* _WORK INSTRUCTION_
Reproduce precisely the lines of the listing below, starting with the line that contains "state_expect K t.+1 s X = \sum_a" and stopping after the line that contains "Definition accept_error u"; include nothing else.

* _DATA SHOWN_
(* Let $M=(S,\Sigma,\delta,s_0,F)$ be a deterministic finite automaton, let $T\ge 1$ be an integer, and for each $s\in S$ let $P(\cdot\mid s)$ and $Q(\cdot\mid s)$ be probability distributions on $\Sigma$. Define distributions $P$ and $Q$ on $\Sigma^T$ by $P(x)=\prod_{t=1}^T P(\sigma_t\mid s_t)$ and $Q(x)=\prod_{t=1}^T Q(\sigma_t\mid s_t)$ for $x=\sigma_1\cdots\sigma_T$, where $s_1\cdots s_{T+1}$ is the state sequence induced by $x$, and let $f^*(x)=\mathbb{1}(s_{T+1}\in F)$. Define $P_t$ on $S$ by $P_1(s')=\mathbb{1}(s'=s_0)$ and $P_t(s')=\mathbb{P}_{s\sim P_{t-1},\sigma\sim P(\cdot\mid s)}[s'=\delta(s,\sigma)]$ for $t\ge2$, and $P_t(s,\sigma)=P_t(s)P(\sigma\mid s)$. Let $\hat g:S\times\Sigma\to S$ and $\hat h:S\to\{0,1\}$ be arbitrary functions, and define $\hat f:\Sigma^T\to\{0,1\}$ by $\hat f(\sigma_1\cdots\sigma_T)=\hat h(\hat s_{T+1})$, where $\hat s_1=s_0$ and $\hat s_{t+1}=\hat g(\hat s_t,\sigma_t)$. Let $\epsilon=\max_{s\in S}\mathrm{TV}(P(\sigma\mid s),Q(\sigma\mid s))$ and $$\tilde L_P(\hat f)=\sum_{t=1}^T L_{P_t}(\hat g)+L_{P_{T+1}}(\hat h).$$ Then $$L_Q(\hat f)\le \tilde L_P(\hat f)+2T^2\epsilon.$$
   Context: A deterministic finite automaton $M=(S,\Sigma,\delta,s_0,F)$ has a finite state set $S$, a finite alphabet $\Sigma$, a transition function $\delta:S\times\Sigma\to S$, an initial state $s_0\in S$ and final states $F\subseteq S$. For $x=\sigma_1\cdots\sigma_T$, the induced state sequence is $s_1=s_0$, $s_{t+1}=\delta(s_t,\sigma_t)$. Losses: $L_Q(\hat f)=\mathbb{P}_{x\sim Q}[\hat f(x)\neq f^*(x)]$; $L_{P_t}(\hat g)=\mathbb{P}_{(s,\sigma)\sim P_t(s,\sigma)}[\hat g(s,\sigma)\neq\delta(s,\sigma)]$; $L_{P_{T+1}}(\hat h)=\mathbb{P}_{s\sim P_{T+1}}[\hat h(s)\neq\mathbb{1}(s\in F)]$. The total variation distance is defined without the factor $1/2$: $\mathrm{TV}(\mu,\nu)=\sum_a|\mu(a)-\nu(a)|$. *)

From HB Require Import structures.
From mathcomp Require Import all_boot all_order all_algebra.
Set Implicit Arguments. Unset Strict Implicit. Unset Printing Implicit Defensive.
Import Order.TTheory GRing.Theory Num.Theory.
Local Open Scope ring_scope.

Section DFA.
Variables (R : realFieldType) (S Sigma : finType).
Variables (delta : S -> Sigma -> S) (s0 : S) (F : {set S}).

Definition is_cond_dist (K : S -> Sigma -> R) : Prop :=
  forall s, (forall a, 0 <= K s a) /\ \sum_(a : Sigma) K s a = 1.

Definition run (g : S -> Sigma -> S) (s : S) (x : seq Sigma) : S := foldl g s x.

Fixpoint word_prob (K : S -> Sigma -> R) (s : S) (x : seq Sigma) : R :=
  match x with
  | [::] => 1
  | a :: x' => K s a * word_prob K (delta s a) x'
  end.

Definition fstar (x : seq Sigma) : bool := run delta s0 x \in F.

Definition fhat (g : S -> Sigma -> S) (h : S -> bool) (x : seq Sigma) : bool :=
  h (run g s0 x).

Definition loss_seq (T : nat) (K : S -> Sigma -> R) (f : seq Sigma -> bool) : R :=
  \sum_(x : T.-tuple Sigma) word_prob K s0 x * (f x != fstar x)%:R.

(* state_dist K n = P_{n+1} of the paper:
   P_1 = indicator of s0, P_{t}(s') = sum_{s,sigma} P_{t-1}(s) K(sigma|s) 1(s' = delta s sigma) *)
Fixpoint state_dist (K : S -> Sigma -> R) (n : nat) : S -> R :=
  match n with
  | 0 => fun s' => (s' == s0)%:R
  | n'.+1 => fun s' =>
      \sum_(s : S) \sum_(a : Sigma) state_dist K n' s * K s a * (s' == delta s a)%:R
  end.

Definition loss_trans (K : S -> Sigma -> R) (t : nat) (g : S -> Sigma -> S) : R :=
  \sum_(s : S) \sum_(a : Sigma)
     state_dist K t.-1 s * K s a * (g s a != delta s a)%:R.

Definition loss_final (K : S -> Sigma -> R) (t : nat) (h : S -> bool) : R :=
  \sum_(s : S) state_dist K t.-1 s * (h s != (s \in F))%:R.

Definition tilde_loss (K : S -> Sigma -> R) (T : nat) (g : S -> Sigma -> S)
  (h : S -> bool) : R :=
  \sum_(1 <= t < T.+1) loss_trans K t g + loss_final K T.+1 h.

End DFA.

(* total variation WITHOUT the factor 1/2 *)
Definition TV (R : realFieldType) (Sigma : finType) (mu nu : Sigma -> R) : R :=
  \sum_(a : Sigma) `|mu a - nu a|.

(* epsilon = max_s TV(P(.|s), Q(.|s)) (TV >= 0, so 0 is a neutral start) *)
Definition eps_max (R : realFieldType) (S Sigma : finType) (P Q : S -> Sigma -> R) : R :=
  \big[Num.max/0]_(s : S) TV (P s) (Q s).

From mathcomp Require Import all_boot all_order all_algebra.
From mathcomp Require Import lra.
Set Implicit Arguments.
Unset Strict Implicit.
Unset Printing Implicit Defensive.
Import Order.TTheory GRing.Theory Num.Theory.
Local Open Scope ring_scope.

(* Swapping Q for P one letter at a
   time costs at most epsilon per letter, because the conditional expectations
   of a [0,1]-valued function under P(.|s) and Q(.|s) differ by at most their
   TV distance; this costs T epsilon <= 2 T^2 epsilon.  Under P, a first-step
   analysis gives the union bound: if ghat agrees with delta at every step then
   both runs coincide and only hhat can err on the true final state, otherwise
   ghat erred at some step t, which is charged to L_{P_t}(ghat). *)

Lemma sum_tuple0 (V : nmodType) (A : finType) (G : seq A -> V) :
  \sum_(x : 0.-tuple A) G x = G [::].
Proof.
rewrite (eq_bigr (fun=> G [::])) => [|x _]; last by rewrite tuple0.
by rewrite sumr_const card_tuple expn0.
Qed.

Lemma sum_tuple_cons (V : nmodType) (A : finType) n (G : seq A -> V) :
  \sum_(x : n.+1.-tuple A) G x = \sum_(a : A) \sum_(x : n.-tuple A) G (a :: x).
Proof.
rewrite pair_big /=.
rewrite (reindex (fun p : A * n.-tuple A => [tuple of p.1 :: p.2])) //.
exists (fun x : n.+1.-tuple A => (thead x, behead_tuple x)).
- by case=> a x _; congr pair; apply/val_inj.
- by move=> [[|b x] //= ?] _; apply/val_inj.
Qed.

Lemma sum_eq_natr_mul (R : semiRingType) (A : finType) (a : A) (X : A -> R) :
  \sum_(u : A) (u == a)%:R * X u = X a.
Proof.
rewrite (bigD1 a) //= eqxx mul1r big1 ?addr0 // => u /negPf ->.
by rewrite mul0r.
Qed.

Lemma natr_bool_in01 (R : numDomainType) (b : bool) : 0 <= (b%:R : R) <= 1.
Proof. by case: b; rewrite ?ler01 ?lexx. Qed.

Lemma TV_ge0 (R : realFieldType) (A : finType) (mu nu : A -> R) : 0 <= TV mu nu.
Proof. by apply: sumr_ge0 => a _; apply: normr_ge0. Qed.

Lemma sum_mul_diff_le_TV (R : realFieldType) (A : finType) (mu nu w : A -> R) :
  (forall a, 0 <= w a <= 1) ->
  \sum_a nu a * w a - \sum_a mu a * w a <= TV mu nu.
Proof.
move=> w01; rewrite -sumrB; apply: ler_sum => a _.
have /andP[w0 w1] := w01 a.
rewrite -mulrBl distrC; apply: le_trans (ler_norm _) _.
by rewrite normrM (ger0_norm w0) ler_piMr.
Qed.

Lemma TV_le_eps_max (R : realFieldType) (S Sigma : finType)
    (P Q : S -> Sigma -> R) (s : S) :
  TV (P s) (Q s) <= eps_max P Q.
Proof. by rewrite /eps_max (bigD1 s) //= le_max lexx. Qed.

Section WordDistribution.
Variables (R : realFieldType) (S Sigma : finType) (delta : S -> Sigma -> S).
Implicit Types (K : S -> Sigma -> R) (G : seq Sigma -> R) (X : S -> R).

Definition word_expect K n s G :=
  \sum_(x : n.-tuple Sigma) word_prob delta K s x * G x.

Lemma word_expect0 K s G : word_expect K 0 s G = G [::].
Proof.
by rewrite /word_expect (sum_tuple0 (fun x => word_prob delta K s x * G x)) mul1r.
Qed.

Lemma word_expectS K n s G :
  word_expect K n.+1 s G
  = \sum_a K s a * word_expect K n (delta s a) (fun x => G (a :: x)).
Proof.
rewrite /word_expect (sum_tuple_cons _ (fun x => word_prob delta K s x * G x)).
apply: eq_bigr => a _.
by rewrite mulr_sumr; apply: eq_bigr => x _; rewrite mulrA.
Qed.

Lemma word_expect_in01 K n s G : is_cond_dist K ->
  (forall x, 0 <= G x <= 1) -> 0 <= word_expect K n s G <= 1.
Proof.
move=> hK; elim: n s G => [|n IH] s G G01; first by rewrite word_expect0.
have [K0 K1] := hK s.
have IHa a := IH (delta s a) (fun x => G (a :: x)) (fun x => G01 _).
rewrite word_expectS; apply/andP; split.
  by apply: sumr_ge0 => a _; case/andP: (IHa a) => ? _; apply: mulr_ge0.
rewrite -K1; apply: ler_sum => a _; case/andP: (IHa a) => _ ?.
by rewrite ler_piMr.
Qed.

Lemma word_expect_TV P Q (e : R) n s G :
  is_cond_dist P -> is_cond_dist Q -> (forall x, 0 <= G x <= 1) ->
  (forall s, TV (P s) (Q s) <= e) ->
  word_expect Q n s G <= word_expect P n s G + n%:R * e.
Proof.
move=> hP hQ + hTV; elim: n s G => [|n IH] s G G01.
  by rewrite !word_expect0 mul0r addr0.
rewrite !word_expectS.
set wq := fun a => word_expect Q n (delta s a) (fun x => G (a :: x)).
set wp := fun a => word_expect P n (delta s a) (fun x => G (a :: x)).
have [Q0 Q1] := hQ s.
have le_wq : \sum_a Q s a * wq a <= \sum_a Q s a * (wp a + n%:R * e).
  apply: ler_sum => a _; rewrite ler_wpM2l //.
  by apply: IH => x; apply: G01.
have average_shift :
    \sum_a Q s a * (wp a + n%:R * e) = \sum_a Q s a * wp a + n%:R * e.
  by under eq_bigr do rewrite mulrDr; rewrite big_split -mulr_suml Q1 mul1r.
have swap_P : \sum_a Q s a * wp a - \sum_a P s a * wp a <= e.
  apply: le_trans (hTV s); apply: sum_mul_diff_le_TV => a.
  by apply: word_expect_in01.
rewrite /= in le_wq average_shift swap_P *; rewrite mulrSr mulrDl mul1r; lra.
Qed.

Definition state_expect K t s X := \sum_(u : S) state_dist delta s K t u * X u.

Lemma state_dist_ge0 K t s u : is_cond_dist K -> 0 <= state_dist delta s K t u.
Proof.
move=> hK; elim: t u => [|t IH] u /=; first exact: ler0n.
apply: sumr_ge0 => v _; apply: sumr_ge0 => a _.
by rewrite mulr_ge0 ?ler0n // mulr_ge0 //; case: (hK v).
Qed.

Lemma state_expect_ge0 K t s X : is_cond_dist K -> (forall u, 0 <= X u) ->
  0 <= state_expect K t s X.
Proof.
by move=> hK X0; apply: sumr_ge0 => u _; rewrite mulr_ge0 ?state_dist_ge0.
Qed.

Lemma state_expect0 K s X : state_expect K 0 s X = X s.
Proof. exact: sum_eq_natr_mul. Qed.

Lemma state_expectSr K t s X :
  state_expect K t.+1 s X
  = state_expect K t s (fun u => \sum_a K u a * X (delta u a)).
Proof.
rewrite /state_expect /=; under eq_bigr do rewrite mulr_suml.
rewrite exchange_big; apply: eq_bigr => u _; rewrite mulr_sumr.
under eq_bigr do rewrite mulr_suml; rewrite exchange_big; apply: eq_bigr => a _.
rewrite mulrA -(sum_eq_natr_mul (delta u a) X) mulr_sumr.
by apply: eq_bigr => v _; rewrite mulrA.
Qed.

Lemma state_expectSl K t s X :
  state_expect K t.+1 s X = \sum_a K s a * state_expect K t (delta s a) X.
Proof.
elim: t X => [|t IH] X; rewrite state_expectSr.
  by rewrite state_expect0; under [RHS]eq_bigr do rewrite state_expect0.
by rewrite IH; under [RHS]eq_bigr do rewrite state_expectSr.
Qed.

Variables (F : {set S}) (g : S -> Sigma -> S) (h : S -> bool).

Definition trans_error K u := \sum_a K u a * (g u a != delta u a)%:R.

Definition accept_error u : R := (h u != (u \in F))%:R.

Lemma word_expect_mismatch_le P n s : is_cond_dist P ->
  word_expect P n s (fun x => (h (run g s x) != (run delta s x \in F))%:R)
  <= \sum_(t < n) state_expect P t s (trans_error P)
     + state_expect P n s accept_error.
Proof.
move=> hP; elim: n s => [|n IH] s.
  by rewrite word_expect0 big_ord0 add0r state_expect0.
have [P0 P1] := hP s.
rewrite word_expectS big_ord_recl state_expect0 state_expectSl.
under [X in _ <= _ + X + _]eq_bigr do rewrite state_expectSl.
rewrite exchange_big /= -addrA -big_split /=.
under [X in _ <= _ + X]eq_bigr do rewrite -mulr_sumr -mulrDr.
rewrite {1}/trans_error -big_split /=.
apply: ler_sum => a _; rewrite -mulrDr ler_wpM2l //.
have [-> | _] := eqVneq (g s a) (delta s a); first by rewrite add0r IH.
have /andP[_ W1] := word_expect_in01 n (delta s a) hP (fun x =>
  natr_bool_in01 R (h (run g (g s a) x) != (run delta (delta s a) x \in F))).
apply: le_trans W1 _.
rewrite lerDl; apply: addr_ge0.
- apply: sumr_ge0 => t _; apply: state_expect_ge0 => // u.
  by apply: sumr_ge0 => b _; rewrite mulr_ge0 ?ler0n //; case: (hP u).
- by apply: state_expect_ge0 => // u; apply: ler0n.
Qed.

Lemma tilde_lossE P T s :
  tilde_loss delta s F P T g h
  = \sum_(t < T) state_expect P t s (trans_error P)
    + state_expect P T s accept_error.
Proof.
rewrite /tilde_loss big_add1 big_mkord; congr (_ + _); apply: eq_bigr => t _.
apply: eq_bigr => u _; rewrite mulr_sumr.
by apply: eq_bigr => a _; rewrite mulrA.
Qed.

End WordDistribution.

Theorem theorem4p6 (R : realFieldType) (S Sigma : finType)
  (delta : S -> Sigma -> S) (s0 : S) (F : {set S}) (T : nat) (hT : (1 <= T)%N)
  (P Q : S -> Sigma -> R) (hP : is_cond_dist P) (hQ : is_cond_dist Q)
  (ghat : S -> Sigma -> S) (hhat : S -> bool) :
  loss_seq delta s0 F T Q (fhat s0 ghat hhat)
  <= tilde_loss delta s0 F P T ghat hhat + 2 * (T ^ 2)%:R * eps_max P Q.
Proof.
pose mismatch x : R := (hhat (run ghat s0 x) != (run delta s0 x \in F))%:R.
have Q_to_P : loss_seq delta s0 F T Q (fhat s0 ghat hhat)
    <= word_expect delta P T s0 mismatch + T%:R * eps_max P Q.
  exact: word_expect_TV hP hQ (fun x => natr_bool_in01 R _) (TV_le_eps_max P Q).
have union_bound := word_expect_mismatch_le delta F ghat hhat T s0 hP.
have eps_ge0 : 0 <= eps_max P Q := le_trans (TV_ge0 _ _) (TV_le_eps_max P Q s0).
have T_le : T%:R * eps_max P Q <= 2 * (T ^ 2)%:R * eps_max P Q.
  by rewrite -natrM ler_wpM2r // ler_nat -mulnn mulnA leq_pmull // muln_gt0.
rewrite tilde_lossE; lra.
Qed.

* _REPLY TO THE EXERCISE_
  state_expect K t.+1 s X = \sum_a K s a * state_expect K t (delta s a) X.
Proof.
elim: t X => [|t IH] X; rewrite state_expectSr.
  by rewrite state_expect0; under [RHS]eq_bigr do rewrite state_expect0.
by rewrite IH; under [RHS]eq_bigr do rewrite state_expectSr.
Qed.

Variables (F : {set S}) (g : S -> Sigma -> S) (h : S -> bool).

Definition trans_error K u := \sum_a K u a * (g u a != delta u a)%:R.

Definition accept_error u : R := (h u != (u \in F))%:R.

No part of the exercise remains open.